De Marie Martin à Mme Cadet. 30 août 1885.


Lisieux 30 août 85

Chère Madame (On n'a pas identifié cette famille Cadet),

Nous avons appris avec bien de la peine la mort de votre chère petite fille. Permettez moi de vous assurer de notre sympathie. Nous n'avons pas oublié nos bons amis voisins, d'autrefois, et j'ai besoin de vous dire toute la part que nous prenons à votre douleur. Que Dieu vous console, je le prie pour [1 v°] vous de tout mon coeur. Et votre chère enfant qui vous a quittée y manque moins que personne, j'en suis sûre. Oh! oui, croyez le, chère Madame, au Ciel, on se souvient des siens et votre petite Marie vous aime et vous voit toujours, si vous ne la voyez plus !

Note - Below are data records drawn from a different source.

(* Let $\Gamma$ be a fixed graph on $K$ vertices and assume $K=o(\sqrt n)$, $\mathbb{E}_0(X_\Gamma)=\omega(1)$ and $\mathbb{E}_0(L^2)=1+o(1)$. Define \[ \mathcal I_\Gamma=\frac{1}{X_\Gamma^2}\sum_{\Gamma',\Gamma''}\mathbf 1_{\Gamma'\cap\Gamma''\neq\emptyset}, \] where $\Gamma'$ and $\Gamma''$ range over all copies of $\Gamma$ in $G$ and $\Gamma'\cap\Gamma''\ne\emptyset$ means their vertex sets intersect (with $\mathcal I_\Gamma:=0$ when $X_\Gamma=0$). Then $\mathbb{E}_0(\mathcal I_\Gamma)=o(1)$.
   Context: Model: $n$ nodes, $\lambda>0$. $\mathbb{P}_0$: $G\sim\mathcal G(n,\lambda/n)$. $\mathbb{P}_1$: $G=G_0\cup G'$ with $G_0\sim\mathcal G(n,\lambda/n)$ and $G'$ the image of $\Gamma$ under a uniformly random injection of its vertex set into $[n]$ independent of $G_0$. $X_\Gamma$ is the number of copies (subgraphs isomorphic to $\Gamma$) of $\Gamma$ in $G$; $L=\mathbb{P}_1(G)/\mathbb{P}_0(G)$; $\mathbb{E}_0$ is expectation under $\mathbb{P}_0$. Asymptotics as $n\to\infty$. *)

From HB Require Import structures.
From mathcomp Require Import all_boot all_order all_algebra.
Set Implicit Arguments. Unset Strict Implicit. Unset Printing Implicit Defensive.
Import Order.TTheory GRing.Theory Num.Theory.
Local Open Scope ring_scope.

On peut même dire, et en toute vérité, qu'elle n’est point morte mais qu'elle vit... et d'une vie bienheureuse d'où sont bannies les misères et les chagrins dont nous qui restons ici sommes environnés.

Pardonnez moi la liberté que je prends en vous écrivant, je vous assure que vous ne nous êtes pas restés indifférents et qu'il m'eût été difficile de ne [2 r°] vous donner signe de vie que par une simple carte. Mes petites soeurs qui se rappellent aussi de leurs amies désiraient beaucoup que je vous dise leurs regrets. Mon Père n’est pas ici pour ­le moment, il est en voyage, mais j'interprète ses sentiments pour vous offrir ainsi qu'à Monsieur Cadet sa plus sincère sympathie.

Veuillez chère Madame, agréer aussi la mienne avec mon meilleur souvenir.